Stained glass image of the Georgetown seal used from 1844-1977

The history of Georgetown University spans over four hundred years, and is closely tied to that of America.[1] Georgetown University has grown with Washington, D.C. and the United States, each of which date their founding to the period from 1788 to 1790.[2] Georgetown's origins are in the establishment of the Maryland colony in the seventeenth-century. John Carroll established the school at it present location, and the Society of Jesus oversaw the expansion of educational opportunities on campus, around the city, and abroad.

Contents

[edit] Founding

Above the door of White-Gravenor Hall are the two dates.  Further up are the five seals, which mark the three prior incarnations of Jesuit schools in Maryland, the year John Carrol attended the Bohemia Manor school, and the present school at Georgetown Heights
Above the door of White-Gravenor Hall are the two dates. Further up are the five seals, which mark the three prior incarnations of Jesuit schools in Maryland, the year John Carrol attended the Bohemia Manor school, and the present school at Georgetown Heights

The founding of Georgetown University took place on two main dates, 1634 and 1789. Until 1851, the school used 1788, the start of construction on the Old South building, as its founding date. In that year a copy-edit in the college catalogue began mis-labeling the construction as beginning in 1789. This was discovered in preparation for the centennial celebration in 1889, at which point rather than correct the annual, the date of Georgetown's "foundation" was fixed to the date 1789-01-23.[3]

[edit] First Establishments

On 1633-11-22 Jesuits Andrew White, John Altham Gravenor, and Thomas Gervase set sail on The Ark for America under the leadership and financing of the Lord Baltimore, Leonard Calvert.[2] Their landing on 1634-03-25 on St. Clement's Island marks the birth of the Maryland colony, this anniversary now celebrated as Maryland Day. These Jesuits were joined in 1637 by Thomas Copley and Ferdinand Poulton, together establishing near St. Mary's City some means of Christian education for the native Yaocomico tribe.[1] Inquiring about patronage for their school, Poulton wrote to superiors in Rome, who on 1640-09-15 approved the institution of a school in principle. That year they moved to a permanent building at Calverton Manor on in the Wicomico River. This early establishment was burnt in 1645 as part of the English Civil War, and the remaining Jesuits were brought to trial in England. The new protestant administration had their school outlawed, though it was functioning by 1648, when Thomas Copley managed to return there.

Newtown Manor, also known as "Bretton's Neck", near modern-day Leonardtown, Maryland, become available to the Jesuits in 1677. This house served as the Jesuit schoolhouse until 1704 when it's existence was alerted to British authorities.
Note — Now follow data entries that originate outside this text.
(* Let $I$ be the set of initial statements of a definite action theory. Every $\mathbf{S5}$-state satisfying $I$ is equivalent to an $\mathbf{S5}$-state $(M',s')$ with $|M'[S]|\le 2^{|\mathcal F|}$.
   Context: Agents $\mathcal{AG}=\{1,\dots,n\}$ (finite), finite set of fluents $\mathcal F$. Belief formulae are built from propositional (fluent) formulae over $\mathcal F$ with $\mathbf B_i$, Boolean connectives and $\mathbf E_\alpha,\mathbf C_\alpha$; $\mathbf C=\mathbf C_{\mathcal{AG}}$. Kripke structure $M$: worlds $M[S]$, interpretations $M[\pi](u)\subseteq\mathcal F$, relations $M[i]$; state $(M,s)$; standard semantics ($\mathbf B_i\varphi$: $\varphi$ at all $M[i]$-successors; $\mathbf E_\alpha$: all $\mathbf B_i$, $i\in\alpha$; $\mathbf C_\alpha\varphi$: $\mathbf E^k_\alpha\varphi$ for all $k\ge0$). $\mathbf{S5}$-state: every $M[i]$ an equivalence relation. Two states are equivalent if they satisfy the same belief formulae. A state satisfies a set $I$ of statements ''initially $\varphi$'' if it satisfies every such $\varphi$. A definite action theory $(I,D)$ consists of a domain $D$ (action descriptions) and a set $I$ of statements each of one of the forms initially $\varphi$, initially $\mathbf C\varphi$, initially $\mathbf C(\mathbf B_i\varphi)$, initially $\mathbf C(\mathbf B_i\varphi\vee\mathbf B_i\neg\varphi)$, initially $\mathbf C(\neg\mathbf B_i\varphi\wedge\neg\mathbf B_i\neg\varphi)$ ($\varphi$ a fluent formula, $i$ an agent), such that for every fluent formula $\varphi$ and agent $i$, $I$ contains a statement of one of the last three forms with this $i$ and $\varphi$. *)

From mathcomp Require Import all_boot.
Set Implicit Arguments. Unset Strict Implicit. Unset Printing Implicit Defensive.

Section Logic.
Variables (A : finType) (F : finType) .

Inductive fform :=
| FAtom of F
| FNot of fform
| FAnd of fform & fform
| FOr of fform & fform.

Inductive bform :=
| BFl of fform
| BB of A & bform
| BNot of bform
| BAnd of bform & bform
| BOr of bform & bform
| BImp of bform & bform
| BE of {set A} & bform
| BC of {set A} & bform.

Record kripke (W : Type) := Kripke {
  kval : W -> {set F};
  krel : A -> W -> W -> Prop
}.

Fixpoint fsat (I : {set F}) (p : fform) : Prop :=
  match p with
  | FAtom f => f \in I
  | FNot q => ~ fsat I q
  | FAnd q r => fsat I q /\ fsat I r
  | FOr q r => fsat I q \/ fsat I r
  end.

(* reach M al k u v : v is reachable from u by exactly k steps of relations
   of agents in al (so E_al^k phi holds at u iff phi holds at all such v) *)
Fixpoint reach W (M : kripke W) (al : {set A}) (k : nat) (u v : W) : Prop :=
  match k with
  | 0 => u = v
  | k'.+1 => exists i, exists w, i \in al /\ krel M i u w /\ reach M al k' w v
  end.

Fixpoint holds W (M : kripke W) (u : W) (p : bform) : Prop :=
  match p with
  | BFl q => fsat (kval M u) q
  | BB i q => forall v, krel M i u v -> holds M v q
  | BNot q => ~ holds M u q
  | BAnd q r => holds M u q /\ holds M u r
  | BOr q r => holds M u q \/ holds M u r
  | BImp q r => holds M u q -> holds M u r
  | BE al q => forall i, i \in al -> forall v, krel M i u v -> holds M v q
  | BC al q => forall k v, reach M al k u v -> holds M v q
  end.

Definition S5 W (M : kripke W) : Prop :=
  forall i, [/\ (forall u, krel M i u u),
               (forall u v, krel M i u v -> krel M i v u) &
               (forall u v w, krel M i u v -> krel M i v w -> krel M i u w)].

Definition equiv_state W W' (M : kripke W) (s : W) (M' : kripke W') (s' : W') : Prop :=
  forall p, holds M s p <-> holds M' s' p.

Inductive init_stmt :=
| InitF of fform
| InitC of fform
| InitCB of A & fform
| InitCBW of A & fform
| InitCN of A & fform.

Definition CAll (p : bform) := BC setT p.

Definition init_formula (st : init_stmt) : bform :=
  match st with
  | InitF p => BFl p
  | InitC p => CAll (BFl p)
  | InitCB i p => CAll (BB i (BFl p))
  | InitCBW i p => CAll (BOr (BB i (BFl p)) (BB i (BFl (FNot p))))
  | InitCN i p => CAll (BAnd (BNot (BB i (BFl p))) (BNot (BB i (BFl (FNot p)))))
  end.

Definition sat_init W (M : kripke W) (s : W) (I : init_stmt -> Prop) : Prop :=
  forall st, I st -> holds M s (init_formula st).

Definition definite_init (I : init_stmt -> Prop) : Prop :=
  forall (p : fform) (i : A),
    I (InitCB i p) \/ I (InitCBW i p) \/ I (InitCN i p).

End Logic.

From mathcomp Require Import all_boot.
From Stdlib Require Import Classical.

Set Implicit Arguments. Unset Strict Implicit. Unset Printing Implicit Defensive.

(** Collapse every world reachable from [s] to its interpretation, and let
    agent [i] relate [J] to [J'] whenever some reachable [i]-edge of [M] goes
    from a world interpreted by [J] to one interpreted by [J'].  This is
    faithful because of definiteness: if [J <> J'] and such an edge exists,
    then of the three attitudes of [i] towards the characteristic formula of
    [J'] that [I] makes common belief, only "neither believes it nor its
    negation" is consistent, so EVERY reachable world interpreted by [J] has
    an [i]-successor interpreted by [J'].  Edges of the collapsed model thus
    lift to [M], the collapse is a bisimulation on the reachable part, and it
    has at most [2 ^ #|F|] worlds. *)

Section CharacteristicFormula.
Variables (F : finType) (f0 : F).

Definition lit (J : {set F}) (f : F) : fform F :=
  if f \in J then FAtom f else FNot (FAtom f).

(* [f0] only serves to build a tautology: there is no nullary fluent formula. *)
Definition taut : fform F := FOr (FAtom f0) (FNot (FAtom f0)).

Definition char_form (J : {set F}) : fform F :=
  foldr (fun f q => FAnd (lit J f) q) taut (enum F).

Lemma fsat_taut I : fsat I taut.
Proof. by rewrite /=; case: (f0 \in I); [left | right]. Qed.

Lemma fsat_lit I J f : fsat I (lit J f) <-> (f \in I) = (f \in J).
Proof.
rewrite /lit; case: (f \in J) => /=; case: (f \in I);
  by split=> // h; exfalso; apply: h.
Qed.

Lemma fsat_conj_lits I J (fs : seq F) :
  fsat I (foldr (fun f q => FAnd (lit J f) q) taut fs) <->
  {in fs, forall f, (f \in I) = (f \in J)}.
Proof.
elim: fs => [|g fs IH] /=; first by split=> // _; apply: fsat_taut.
rewrite fsat_lit IH; split=> [[eg efs] f|efs].
  by rewrite in_cons => /predU1P [->|]; [| apply: efs].
by split=> [|f fsf]; apply: efs; rewrite in_cons ?eqxx ?fsf ?orbT.
Qed.

Lemma fsat_char_form I J : fsat I (char_form J) <-> I = J.
Proof.
rewrite fsat_conj_lits; split=> [eIJ|-> //].
by apply/setP => f; apply: eIJ; rewrite mem_enum.
Qed.

End CharacteristicFormula.

Lemma box_lift (W X : Type) (f : W -> X) (R : W -> W -> Prop)
    (R' : X -> X -> Prop) (P : W -> Prop) (Q : X -> Prop) u :
  (forall x, R' (f u) x <-> exists2 v, R u v & f v = x) ->
  (forall v, R u v -> P v <-> Q (f v)) ->
  (forall v, R u v -> P v) <-> (forall x, R' (f u) x -> Q x).
Proof.
move=> liftP PQ; split=> [Pv x /liftP [v Ruv <-]|Qx v Ruv].
  by apply/PQ => //; apply: Pv.
by apply/PQ => //; apply: Qx; apply/liftP; exists v.
Qed.

Section Collapse.
Variables (A F : finType) (W : Type) (M : kripke A F W) (s : W).

Definition reachable (u : W) := exists k, reach M setT k s u.

Lemma reach_rcons (al : {set A}) k x u v i :
  i \in al -> reach M al k x u -> krel M i u v -> reach M al k.+1 x v.
Proof.
move=> ali; elim: k x => [|k IH] x /= => [-> Muv|[j [w [alj [Mxw Rwu]]]] Muv].
  by exists i, v.
by exists j, w; do !split=> //; apply: IH Rwu Muv.
Qed.

Lemma reachable_krel u v i : reachable u -> krel M i u v -> reachable v.
Proof.
by move=> [k Rsu] Muv; exists k.+1; apply: reach_rcons (in_setT i) Rsu Muv.
Qed.

Lemma reachable_reach (al : {set A}) k u v :
  reachable u -> reach M al k u v -> reachable v.
Proof.
elim: k u => [|k IH] u /= hu; first by move=> <-.
by move=> [i [w [_ [Muw Rwv]]]]; apply: IH Rwv; apply: reachable_krel Muw.
Qed.

Definition definite_at : Prop :=
  forall (p : fform F) (i : A),
    [\/ holds M s (init_formula (InitCB i p)),
        holds M s (init_formula (InitCBW i p)) |
        holds M s (init_formula (InitCN i p))].

Definition interp_rel (i : A) (J J' : {set F}) : Prop :=
  J = J' \/ exists a b,
    [/\ reachable a, krel M i a b, kval M a = J & kval M b = J'].

Definition interp_model := Kripke (fun J : {set F} => J) interp_rel.

Hypotheses (S5M : S5 M) (defM : definite_at).

Lemma interp_rel_lift u i J' :
  reachable u -> interp_rel i (kval M u) J' ->
  exists2 v, krel M i u v & kval M v = J'.
Proof.
have refl w : krel M i w w by case: (S5M i).
move=> hu; case: (eqVneq (kval M u) J') => [<-|neJ'] Rel; first by exists u.
have [a [b [ha Mab eJ eJ']]] : exists a b,
    [/\ reachable a, krel M i a b, kval M a = kval M u & kval M b = J'].
  by case: Rel => // /eqP; rewrite (negbTE neJ').
have [f0 _] : exists f0 : F, true.
  case: (pickP (@predT F)) => [f0 _|noF]; first by exists f0.
  by case/eqP: neJ'; apply/setP => f; have := noF f.
have [[k Rsu] [k' Rsa]] := (hu, ha).
case: (defM (char_form f0 J') i) => /= [Bchi|BchiW|Nchi].
- by case/eqP: neJ'; apply/fsat_char_form; apply: Bchi Rsu _ (refl u).
- case: (BchiW _ _ Rsa) => [Ba|BNa].
    by case/eqP: neJ'; rewrite -eJ; apply/fsat_char_form; apply: Ba.
  by case: (BNa b Mab); apply/fsat_char_form.
- have [_ noBN] := Nchi _ _ Rsu.
  apply: NNPP => noV; apply: noBN => v Muv /fsat_char_form ev.
  by apply: noV; exists v.
Qed.

Lemma interp_relP u i J' :
  reachable u ->
  interp_rel i (kval M u) J' <-> exists2 v, krel M i u v & kval M v = J'.
Proof.
move=> hu; split; first exact: interp_rel_lift.
by move=> [v Muv <-]; right; exists u, v.
Qed.

Lemma interp_model_S5 : S5 interp_model.
Proof.
move=> i; have [_ symM transM] := S5M i; split=> /=.
- by move=> J; left.
- move=> J J' [-> |[a [b [ha Mab <- <-]]]]; first by left.
  by right; exists b, a; split=> //; [apply: reachable_krel Mab | apply: symM].
- move=> J J' J'' [-> //|[a [b [ha Mab eJ eJ']]]].
  rewrite -eJ -eJ' => Rel'; have hb := reachable_krel ha Mab.
  have [c Mbc <-] := interp_rel_lift hb Rel'.
  by right; exists a, c; split=> //; apply: transM Mbc.
Qed.

Lemma reach_interpP (al : {set A}) k u J :
  reachable u ->
  reach interp_model al k (kval M u) J <->
  exists2 v, reach M al k u v & kval M v = J.
Proof.
elim: k u J => [|k IH] u J hu /=.
  by split=> [<-|[v <- <-]] //; exists u.
split=> [[i [J' [ali [Rel Rel']]]]|[v [i [w [ali [Muw Rwv]]]] <-]].
  have [w Muw ew] := interp_rel_lift hu Rel.
  rewrite -ew in Rel'.
  have [v Rwv <-] := (IH w _ (reachable_krel hu Muw)).1 Rel'.
  by exists v => //; exists i, w.
exists i, (kval M w); do !split=> //.
  by apply/interp_relP => //; exists w.
by apply/IH; [apply: reachable_krel Muw | exists v].
Qed.

Lemma holds_interp_model p u :
  reachable u -> holds M u p <-> holds interp_model (kval M u) p.
Proof.
elim: p u => [q|i q IH|q IH|q IH r IH'|q IH r IH'|q IH r IH'|al q IH|al q IH]
  u hu /=; rewrite ?IH ?IH' //.
- apply: box_lift => [J|v Muv]; first exact: interp_relP.
  by apply: IH; apply: reachable_krel Muv.
- have boxP i : (forall v, krel M i u v -> holds M v q) <->
      (forall J, interp_rel i (kval M u) J -> holds interp_model J q).
    apply: box_lift => [J|v Muv]; first exact: interp_relP.
    by apply: IH; apply: reachable_krel Muv.
  by split=> h i ali; apply/boxP; apply: h.
- have boxP k : (forall v, reach M al k u v -> holds M v q) <->
      (forall J, reach interp_model al k (kval M u) J ->
         holds interp_model J q).
    apply: box_lift => [J|v Rv]; first exact: reach_interpP.
    by apply: IH; apply: reachable_reach Rv.
  by split=> h k; apply/boxP; apply: h.
Qed.

End Collapse.

Theorem lemma16 (A F : finType) (I : init_stmt A F -> Prop) :
  definite_init I ->
  forall (W : Type) (M : kripke A F W) (s : W),
    S5 M -> sat_init M s I ->
    exists (W' : finType) (M' : kripke A F W') (s' : W'),
      [/\ S5 M', #|W'| <= 2 ^ #|F| & equiv_state M s M' s'].
Proof.
move=> defI W M s S5M satI.
have defM : definite_at M s.
  by move=> p i; case: (defI p i) => [/satI|[/satI|/satI]]; constructor.
exists {set F}%type, (interp_model M s), (kval M s); split.
- exact: interp_model_S5.
- by rewrite -cardsT -powersetT card_powerset cardsT.
- by move=> p; apply: (holds_interp_model S5M defM); exists 0.
Qed.
Lemma card_codes : #|codes| <= n`! * \sum_(i < (D * n).+1) 'C(#|edge_set|, i).
Proof.
pose small := [pred E : {set {set T}} | (E \subset edge_set) && (#|E| <= D * n)].
pose injections E :=
  [pred f : {ffun 'I_n -> T} | [&& #|cover E| <= n, injectiveb f & f \in ffun_on (mem (cover E))]].
rewrite (card_dep_pairs small injections) mulnC -(card_small_subsets _ (D * n)).
rewrite (eq_card (B := small)) => [|E]; last by rewrite inE.
rewrite -sum_nat_const; apply: leq_sum => E _.
have [le_cover_n|] := boolP (#|cover E| <= n); last first.
  move=> gt_cover_n; rewrite (@eq_card _ _ pred0) ?card0 // => f.
  by rewrite inE (negbTE gt_cover_n).
apply: leq_trans (_ : #|[set f in ffun_on (mem (cover E)) | injectiveb f]| <= _).
  by apply/subset_leq_card/subsetP => f; rewrite !inE le_cover_n /= andbC.
by rewrite card_inj_ffuns_on card_ord -ffactnn leq_ffactl.
Qed.

Section Embedding.
Variables (A : adjacency) (f : 'I_n -> T).
Hypotheses (hA : admissible D n A) (f_inj : injective f).

Lemma mem_image_edges x y : ([set f x; f y] \in image_edges f A) = (y \in A x).
Proof.
apply/bigcupP/idP => [[a _ /imsetP[b]]|y_x].
  rewrite inE => /andP[b_a _] /set2_inj[[/f_inj-> /f_inj->]|[/f_inj-> /f_inj->]] //.
  by rewrite (adm_sym hA).
have [lt_yx|lt_xy|/val_inj eq_xy] := ltngtP y x.
- by exists x => //; apply/imsetP; exists y; rewrite ?inE ?y_x.
- exists y => //; apply/imsetP; exists x; last by rewrite setUC.
  by rewrite inE -(adm_sym hA) y_x.
- by move: y_x; rewrite eq_xy (negbTE (adm_irrefl hA x)).
Qed.

Lemma decode_image_edges : decode (image_edges f A, finfun f) = A.
Proof. by apply/ffunP => x; apply/setP => y; rewrite !ffunE inE /= !ffunE mem_image_edges. Qed.

Lemma image_edges_code : 1 < n -> (forall x y, adj_rel A x y -> g (f x) (f y)) ->
  (image_edges f A, finfun f) \in codes.
Proof.
move=> n_gt1 f_edge.
have f_cover x : f x \in cover (image_edges f A).
  have [y y_x] := admissible_has_nbr hA n_gt1 x.
  by apply/bigcupP; exists [set f x; f y]; rewrite ?mem_image_edges ?set21.
rewrite inE /=; apply/andP; split; [apply/andP; split | apply/and3P; split].
- apply/subsetP => _ /bigcupP[x _ /imsetP[y y_x ->]].
  rewrite inE; apply/existsP; exists (f x); apply/existsP; exists (f y); rewrite eqxx /=.
  by apply: f_edge; move: y_x; rewrite inE => /andP[].
- apply: leq_trans (card_bigcup_le _ _) _; rewrite mulnC -[n in n * D]card_ord -sum_nat_const.
  by apply: leq_sum => x _; exact: leq_trans (leq_imset_card _ _) (adm_below hA x).
- rewrite -[n in _ <= n]card_ord -(card_imset _ f_inj); apply/subset_leq_card/subsetP.
  by move=> _ /bigcupP[_ /bigcupP[x _ /imsetP[y _ ->]] /set2P[]->]; apply: imset_f.
- by apply/injectiveP => x y; rewrite !ffunE => /f_inj.
- by apply/ffun_onP => x; rewrite ffunE f_cover.
Qed.
End Embedding.
(* Let $gl_n(\mathbb{C})$ be the Lie algebra of all $n\times n$ complex matrices with bracket $[x,y]=xy-yx$. A map $f:gl_n(\mathbb{C})\times gl_n(\mathbb{C})\to gl_n(\mathbb{C})$ is a biderivation of $gl_n(\mathbb{C})$ if and only if there are complex numbers $\lambda,\mu$ such that $f(x,y)=\mu\,\mathrm{tr}(x)\,\mathrm{tr}(y)\,I_n+\lambda[x,y]$ for all $x,y\in gl_n(\mathbb{C})$.
   Context: A biderivation of a Lie algebra $L$ is a bilinear map $f:L\times L\to L$ such that $f([x,y],z)=[x,f(y,z)]+[f(x,z),y]$ and $f(x,[y,z])=[f(x,y),z]+[y,f(x,z)]$ for all $x,y,z\in L$. $I_n$ is the identity matrix and $\mathrm{tr}$ the trace. *)

From mathcomp Require Import all_boot all_algebra.
From mathcomp Require Import complex.
From mathcomp Require Import Rstruct.
Set Implicit Arguments. Unset Strict Implicit. Unset Printing Implicit Defensive.
Import GRing.Theory Num.Theory.
Local Open Scope ring_scope.

Definition CC : numClosedFieldType := Rdefinitions.R[i].

Definition lie_br (K : comRingType) (n : nat) (x y : 'M[K]_n) : 'M[K]_n :=
  x *m y - y *m x.

Definition bilinear_map (K : comRingType) (n : nat)
  (f : 'M[K]_n -> 'M[K]_n -> 'M[K]_n) : Prop :=
  (forall (a : K) x x' y, f (a *: x + x') y = a *: f x y + f x' y) /\
  (forall (a : K) x y y', f x (a *: y + y') = a *: f x y + f x y').

Definition biderivation (K : comRingType) (n : nat)
  (f : 'M[K]_n -> 'M[K]_n -> 'M[K]_n) : Prop :=
  bilinear_map f /\
  (forall x y z, f (lie_br x y) z = lie_br x (f y z) + lie_br (f x z) y) /\
  (forall x y z, f x (lie_br y z) = lie_br (f x y) z + lie_br y (f x z)).

From HB Require Import structures.
From mathcomp Require Import all_boot all_algebra.
From mathcomp Require Import complex Rstruct ring.
Set Implicit Arguments. Unset Strict Implicit. Unset Printing Implicit Defensive.
Import GRing.Theory Num.Theory.
Local Open Scope ring_scope.

(* Every derivation D of gl_N is inner up to a central map:
   D x = [A, x] + c tr(x) I.  Subtracting a suitable ad C makes every D E_ii
   diagonal; then D E_pq = t_pq E_pq for p <> q with t_pq = d_p - d_q, so after
   subtracting ad (diag d) the derivation kills all off-diagonal units and is
   x |-> tr(x) D E_00, where D E_00 is scalar.
   Both partial maps of a biderivation f are derivations.  Evaluating at E_00,
   whose trace is 1, and comparing traces shows that the central parts combine
   into mu tr(x) tr(y) I, so G := f - mu tr tr I satisfies
   G(x, y) = [A_y, x] = [B_x, y].  For y = E_kl this forces ad A_y to be a
   multiple b_kl ad E_kl, and computing G(E_ij, E_kl) through either argument
   shows that all the b_kl coincide, whence G = lambda [., .]. *)

Section Entries.
Variables (R : pzRingType) (m n : nat).
Implicit Types A B : 'M[R]_(m, n).

Lemma addmxE A B i j : (A + B) i j = A i j + B i j. Proof. by rewrite mxE. Qed.
Lemma oppmxE A i j : (- A) i j = - A i j. Proof. by rewrite mxE. Qed.
Lemma scalemxE a A i j : (a *: A) i j = a * A i j. Proof. by rewrite mxE. Qed.
Lemma mx0E i j : (0 : 'M[R]_(m, n)) i j = 0. Proof. by rewrite mxE. Qed.

Lemma mulmxnE A k i j : (A *+ k) i j = A i j *+ k.
Proof. by elim: k => [|k IHk]; rewrite ?mulr0n ?mxE // !mulrS addmxE IHk. Qed.

End Entries.

Section DeltaProducts.
Variables (R : pzRingType) (n : nat).

Lemma delta_mx_mulE (i j : 'I_n) (x : 'M[R]_n) r s :
  (delta_mx i j *m x) r s = (r == i)%:R * x j s.
Proof.
rewrite !mxE (bigD1 j) //= big1 ?addr0 => [|k /negPf kj]; rewrite !mxE.
  by rewrite eqxx andbT.
by rewrite kj andbF mul0r.
Qed.

Lemma mul_delta_mxE (i j : 'I_n) (x : 'M[R]_n) r s :
  (x *m delta_mx i j) r s = x r i * (j == s)%:R.
Proof.
rewrite !mxE (bigD1 i) //= big1 ?addr0 => [|k /negPf ki]; rewrite !mxE.
  by rewrite eqxx [j == s]eq_sym.
by rewrite ki mulr0.
Qed.

Lemma mxtrace_delta_mx (i j : 'I_n) : \tr (delta_mx i j : 'M[R]_n) = (i == j)%:R.
Proof.
rewrite /mxtrace (bigD1 i) //= big1 ?addr0 => [|k /negPf ki]; rewrite mxE.
  by rewrite eqxx.
by rewrite ki.
Qed.

End DeltaProducts.

Ltac simpl_index_eqs :=
  repeat match goal with
  | H : is_true (?a != ?a) |- _ => by rewrite eqxx in H
  | H : is_true (?a != ?b) |- context [?a == ?b] => rewrite (negbTE H)
  | H : is_true (?a != ?b) |- context [?b == ?a] => rewrite [b == a]eq_sym (negbTE H)
  | |- context [?a == ?a] => rewrite eqxx
  end;
  rewrite /= ?(andbT, andbF, andTb, andFb, mulr0n, mulr1n, mulr0, mul0r,
               mulr1, mul1r, addr0, add0r, subr0, sub0r, oppr0).

(* [addmxE] also sees through [lie_br], so entries of brackets become entries
   of products, which the two lemmas above evaluate. *)
Ltac mx_entries :=
  rewrite ?(addmxE, oppmxE, scalemxE, mulmxnE, mx0E) ?(delta_mx_mulE, mul_delta_mxE)
    ?mxE.

Ltac index_cases :=
  simpl_index_eqs;
  repeat match goal with
  | |- context [?a == ?b] =>
      first [is_var a | is_var b];
      case: (eqVneq a b) => [?|?]; [subst; simpl_index_eqs | simpl_index_eqs]
  end.

(* Closes [a = b -> c = d] when c - d = +-(a - b) is a ring identity. *)
Ltac ring_from_hyp :=
  let hyp := fresh "hyp" in
  move=> /eqP; rewrite eq_sym -subr_eq0 => /eqP; intro hyp;
  apply/eqP; rewrite -subr_eq0; apply/eqP;
  first [ring | rewrite -[in RHS]hyp; ring
        | rewrite -[in RHS]oppr0 -[in RHS]hyp; ring].

Section LieBracket.
Variables (R : comNzRingType) (n : nat).
Implicit Types (x y z : 'M[R]_n) (a : R).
The school afterwards conducted itself periodically and in secrecy at the new Jesuit colony of Bohemia Manor. John Carroll attended this school in 1745 for one year at the age of twelve.[4] Carroll left for studies in Europe, but was forced to return to Maryland in 1774, when Pope Clement XIV ordered the suppression of the Jesuit order.[5] This put Carroll in the right place at the right time, when the American Revolution pushed out the English administration, opening up new possibilities for scholastic expansion.

[edit] Georgetown Heights

After returning in 1774 to live on the Rock Creek in Maryland, Carroll established Saint John the Evangelist Church, in Silver Spring, Maryland. In 1776, his cousin, Charles Carroll, a signer of the Declaration of Independence invited John to join him, Samuel Chase, and Benjamin Franklin in traveling to Quebec and attempt to persuade the French Canadian population to join the revolution. The mission was unsuccessful, but John Carroll's association with Benjamin Franklin proved useful. In 1784, Franklin, as ambassador to France, recommended Carroll to the papal nuncio in Paris as the head of the Catholic Church in American, and on June 9, 1784 Carroll was anointed Superior of Missions in the United States of North America. On November 6, 1789 Carroll's authority was confirmed after being elected by the clergy as the first Bishop of Baltimore.[6]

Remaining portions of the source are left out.